▸ **What you need to do**
When you reach the line in the listing below that contains "- by rewrite (sum_Eidx (mul_out (X i))).", begin returning lines exactly as written, and stop after the line that contains "move=> [sm [sp". Return no other lines.

--------------------------------

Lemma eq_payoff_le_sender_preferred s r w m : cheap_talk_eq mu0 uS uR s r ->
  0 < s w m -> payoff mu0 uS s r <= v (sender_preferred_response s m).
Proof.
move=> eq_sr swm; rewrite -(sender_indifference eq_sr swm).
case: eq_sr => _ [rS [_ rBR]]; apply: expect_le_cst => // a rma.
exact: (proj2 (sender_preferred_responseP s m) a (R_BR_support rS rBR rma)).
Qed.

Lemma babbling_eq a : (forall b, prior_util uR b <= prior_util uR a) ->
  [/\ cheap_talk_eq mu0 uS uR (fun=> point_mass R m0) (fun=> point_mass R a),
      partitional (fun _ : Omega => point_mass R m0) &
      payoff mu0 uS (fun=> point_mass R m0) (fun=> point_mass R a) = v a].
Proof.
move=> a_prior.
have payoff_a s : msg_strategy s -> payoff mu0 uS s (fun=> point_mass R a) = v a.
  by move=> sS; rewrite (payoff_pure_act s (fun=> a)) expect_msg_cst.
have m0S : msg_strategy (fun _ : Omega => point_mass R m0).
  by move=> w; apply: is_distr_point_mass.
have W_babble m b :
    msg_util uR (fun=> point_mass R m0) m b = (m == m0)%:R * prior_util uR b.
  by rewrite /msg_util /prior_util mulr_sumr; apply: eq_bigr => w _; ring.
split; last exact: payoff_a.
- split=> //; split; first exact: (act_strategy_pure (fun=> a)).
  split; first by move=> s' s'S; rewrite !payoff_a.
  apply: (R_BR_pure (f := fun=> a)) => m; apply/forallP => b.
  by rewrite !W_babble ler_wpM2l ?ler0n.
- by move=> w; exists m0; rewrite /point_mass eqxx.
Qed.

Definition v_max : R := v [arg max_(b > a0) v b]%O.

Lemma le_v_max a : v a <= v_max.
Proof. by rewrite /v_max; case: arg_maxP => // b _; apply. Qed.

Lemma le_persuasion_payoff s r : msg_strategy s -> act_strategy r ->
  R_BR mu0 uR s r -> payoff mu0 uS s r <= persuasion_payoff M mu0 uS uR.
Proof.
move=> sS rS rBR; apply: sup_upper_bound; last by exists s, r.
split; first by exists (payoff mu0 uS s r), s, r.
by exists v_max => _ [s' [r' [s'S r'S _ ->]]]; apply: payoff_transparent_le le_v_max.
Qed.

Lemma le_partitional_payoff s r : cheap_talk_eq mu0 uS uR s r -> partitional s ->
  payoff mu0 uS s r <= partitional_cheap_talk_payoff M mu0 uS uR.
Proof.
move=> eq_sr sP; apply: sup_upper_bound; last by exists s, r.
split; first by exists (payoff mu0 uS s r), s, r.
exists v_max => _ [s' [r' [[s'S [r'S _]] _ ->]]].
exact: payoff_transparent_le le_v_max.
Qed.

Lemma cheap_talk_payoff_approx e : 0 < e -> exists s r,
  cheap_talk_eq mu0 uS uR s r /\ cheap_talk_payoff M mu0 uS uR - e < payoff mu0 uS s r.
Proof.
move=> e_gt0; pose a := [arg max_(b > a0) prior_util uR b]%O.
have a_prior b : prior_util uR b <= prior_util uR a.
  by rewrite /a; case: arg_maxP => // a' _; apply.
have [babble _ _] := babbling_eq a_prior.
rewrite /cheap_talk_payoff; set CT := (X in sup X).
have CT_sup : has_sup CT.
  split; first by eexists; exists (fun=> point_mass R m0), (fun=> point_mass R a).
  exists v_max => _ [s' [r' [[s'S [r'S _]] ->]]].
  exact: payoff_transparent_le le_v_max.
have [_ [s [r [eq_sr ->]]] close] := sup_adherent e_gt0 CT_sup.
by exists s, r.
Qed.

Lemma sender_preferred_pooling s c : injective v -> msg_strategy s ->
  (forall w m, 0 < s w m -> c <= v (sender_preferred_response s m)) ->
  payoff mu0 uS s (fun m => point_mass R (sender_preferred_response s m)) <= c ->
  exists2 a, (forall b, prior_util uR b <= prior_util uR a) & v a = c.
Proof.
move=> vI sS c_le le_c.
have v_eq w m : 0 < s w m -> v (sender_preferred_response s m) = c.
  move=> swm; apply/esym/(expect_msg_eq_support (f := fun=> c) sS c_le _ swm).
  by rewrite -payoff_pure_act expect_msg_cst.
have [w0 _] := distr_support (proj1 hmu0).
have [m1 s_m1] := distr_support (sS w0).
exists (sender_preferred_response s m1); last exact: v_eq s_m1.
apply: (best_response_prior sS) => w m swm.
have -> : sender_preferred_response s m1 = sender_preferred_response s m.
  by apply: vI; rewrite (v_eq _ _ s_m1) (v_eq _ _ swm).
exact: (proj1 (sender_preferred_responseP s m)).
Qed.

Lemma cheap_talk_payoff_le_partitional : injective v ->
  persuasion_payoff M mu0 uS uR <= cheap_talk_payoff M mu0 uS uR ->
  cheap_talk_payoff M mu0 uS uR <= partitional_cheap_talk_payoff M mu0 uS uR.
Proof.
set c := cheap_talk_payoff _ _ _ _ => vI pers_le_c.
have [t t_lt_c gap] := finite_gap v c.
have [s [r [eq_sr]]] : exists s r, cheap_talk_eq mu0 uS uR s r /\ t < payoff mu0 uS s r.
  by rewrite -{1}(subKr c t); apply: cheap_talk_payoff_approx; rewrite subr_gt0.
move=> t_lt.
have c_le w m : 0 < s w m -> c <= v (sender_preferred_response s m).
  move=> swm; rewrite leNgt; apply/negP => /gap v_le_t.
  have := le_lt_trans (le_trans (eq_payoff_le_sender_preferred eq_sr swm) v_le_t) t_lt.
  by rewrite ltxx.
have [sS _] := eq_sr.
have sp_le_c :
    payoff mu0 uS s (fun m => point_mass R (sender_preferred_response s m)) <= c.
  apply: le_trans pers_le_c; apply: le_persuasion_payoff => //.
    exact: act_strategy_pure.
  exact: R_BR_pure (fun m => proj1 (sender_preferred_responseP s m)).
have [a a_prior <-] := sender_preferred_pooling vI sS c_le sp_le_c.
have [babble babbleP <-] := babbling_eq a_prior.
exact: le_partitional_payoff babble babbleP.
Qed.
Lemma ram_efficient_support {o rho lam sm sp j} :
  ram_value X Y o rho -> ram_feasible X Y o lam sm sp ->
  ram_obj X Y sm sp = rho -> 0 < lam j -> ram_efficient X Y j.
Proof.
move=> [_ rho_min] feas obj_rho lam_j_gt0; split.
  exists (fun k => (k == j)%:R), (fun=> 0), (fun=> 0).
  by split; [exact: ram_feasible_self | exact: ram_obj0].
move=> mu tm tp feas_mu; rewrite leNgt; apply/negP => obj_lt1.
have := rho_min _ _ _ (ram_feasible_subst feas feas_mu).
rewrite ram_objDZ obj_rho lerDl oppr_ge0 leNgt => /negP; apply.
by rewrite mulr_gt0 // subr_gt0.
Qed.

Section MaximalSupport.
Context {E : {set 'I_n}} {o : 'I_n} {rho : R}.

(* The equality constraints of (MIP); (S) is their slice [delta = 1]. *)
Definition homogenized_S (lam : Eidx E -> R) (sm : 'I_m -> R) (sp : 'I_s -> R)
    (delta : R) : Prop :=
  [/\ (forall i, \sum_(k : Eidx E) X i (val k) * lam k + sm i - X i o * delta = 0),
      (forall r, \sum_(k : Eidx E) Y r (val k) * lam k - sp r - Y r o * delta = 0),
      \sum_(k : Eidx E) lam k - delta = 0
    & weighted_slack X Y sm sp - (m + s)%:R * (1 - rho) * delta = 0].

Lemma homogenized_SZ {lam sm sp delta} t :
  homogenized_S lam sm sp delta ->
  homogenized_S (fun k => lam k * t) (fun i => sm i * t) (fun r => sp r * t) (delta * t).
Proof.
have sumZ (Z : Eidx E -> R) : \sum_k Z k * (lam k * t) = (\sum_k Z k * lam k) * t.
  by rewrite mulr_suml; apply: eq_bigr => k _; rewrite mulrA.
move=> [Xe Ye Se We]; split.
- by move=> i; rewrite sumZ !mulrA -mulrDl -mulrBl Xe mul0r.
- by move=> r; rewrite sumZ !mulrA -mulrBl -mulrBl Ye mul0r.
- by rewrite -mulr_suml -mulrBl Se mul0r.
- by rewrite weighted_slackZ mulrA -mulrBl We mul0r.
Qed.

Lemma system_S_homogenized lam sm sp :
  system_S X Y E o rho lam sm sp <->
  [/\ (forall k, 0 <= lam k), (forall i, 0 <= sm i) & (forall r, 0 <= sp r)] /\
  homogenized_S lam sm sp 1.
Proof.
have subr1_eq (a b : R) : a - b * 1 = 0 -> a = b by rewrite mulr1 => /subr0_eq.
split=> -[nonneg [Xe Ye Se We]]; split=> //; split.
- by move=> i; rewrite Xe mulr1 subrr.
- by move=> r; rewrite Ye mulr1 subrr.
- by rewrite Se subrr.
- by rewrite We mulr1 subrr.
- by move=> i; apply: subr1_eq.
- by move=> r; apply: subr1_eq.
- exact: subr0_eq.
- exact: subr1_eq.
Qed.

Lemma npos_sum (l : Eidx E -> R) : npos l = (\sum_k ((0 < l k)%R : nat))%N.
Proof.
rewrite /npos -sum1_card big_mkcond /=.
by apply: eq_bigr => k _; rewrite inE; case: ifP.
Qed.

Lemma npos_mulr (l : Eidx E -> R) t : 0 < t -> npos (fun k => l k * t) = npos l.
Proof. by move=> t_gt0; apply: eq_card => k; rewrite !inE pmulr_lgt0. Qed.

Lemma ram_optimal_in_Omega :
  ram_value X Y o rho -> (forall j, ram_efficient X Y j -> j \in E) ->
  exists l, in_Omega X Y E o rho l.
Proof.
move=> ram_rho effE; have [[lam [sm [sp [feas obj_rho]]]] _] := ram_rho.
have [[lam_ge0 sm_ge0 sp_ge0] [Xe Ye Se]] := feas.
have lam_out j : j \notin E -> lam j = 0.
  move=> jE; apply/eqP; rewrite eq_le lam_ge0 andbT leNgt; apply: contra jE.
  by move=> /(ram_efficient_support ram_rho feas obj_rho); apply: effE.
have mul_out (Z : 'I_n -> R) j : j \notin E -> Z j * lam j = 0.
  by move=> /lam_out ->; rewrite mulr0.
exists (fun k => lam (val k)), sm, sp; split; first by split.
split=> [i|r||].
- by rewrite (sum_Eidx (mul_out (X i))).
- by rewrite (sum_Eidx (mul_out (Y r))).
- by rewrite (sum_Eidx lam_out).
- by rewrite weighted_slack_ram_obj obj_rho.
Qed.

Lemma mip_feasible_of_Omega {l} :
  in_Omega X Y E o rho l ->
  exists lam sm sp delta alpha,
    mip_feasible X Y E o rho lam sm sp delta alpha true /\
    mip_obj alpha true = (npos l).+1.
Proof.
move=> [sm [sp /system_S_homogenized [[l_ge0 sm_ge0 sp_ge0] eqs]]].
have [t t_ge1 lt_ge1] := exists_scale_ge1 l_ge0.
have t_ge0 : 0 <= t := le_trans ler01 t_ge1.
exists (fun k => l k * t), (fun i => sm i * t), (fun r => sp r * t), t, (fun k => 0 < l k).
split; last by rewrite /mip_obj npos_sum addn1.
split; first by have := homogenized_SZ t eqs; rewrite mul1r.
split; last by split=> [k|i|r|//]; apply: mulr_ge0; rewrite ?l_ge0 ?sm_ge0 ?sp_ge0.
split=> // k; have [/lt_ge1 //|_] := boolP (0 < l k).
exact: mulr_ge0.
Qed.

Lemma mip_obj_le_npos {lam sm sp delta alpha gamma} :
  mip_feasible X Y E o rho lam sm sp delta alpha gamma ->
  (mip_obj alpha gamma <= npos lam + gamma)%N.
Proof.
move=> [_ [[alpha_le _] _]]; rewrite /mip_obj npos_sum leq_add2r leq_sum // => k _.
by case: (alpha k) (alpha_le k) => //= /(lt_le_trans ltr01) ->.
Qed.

--------------------------------

▸ **Answer to the problem**
- by rewrite (sum_Eidx (mul_out (X i))).
- by rewrite (sum_Eidx (mul_out (Y r))).
- by rewrite (sum_Eidx lam_out).
- by rewrite weighted_slack_ram_obj obj_rho.
Qed.

Lemma mip_feasible_of_Omega {l} :
  in_Omega X Y E o rho l ->
  exists lam sm sp delta alpha,
    mip_feasible X Y E o rho lam sm sp delta alpha true /\
    mip_obj alpha true = (npos l).+1.
Proof.
move=> [sm [sp /system_S_homogenized [[l_ge0 sm_ge0 sp_ge0] eqs]]].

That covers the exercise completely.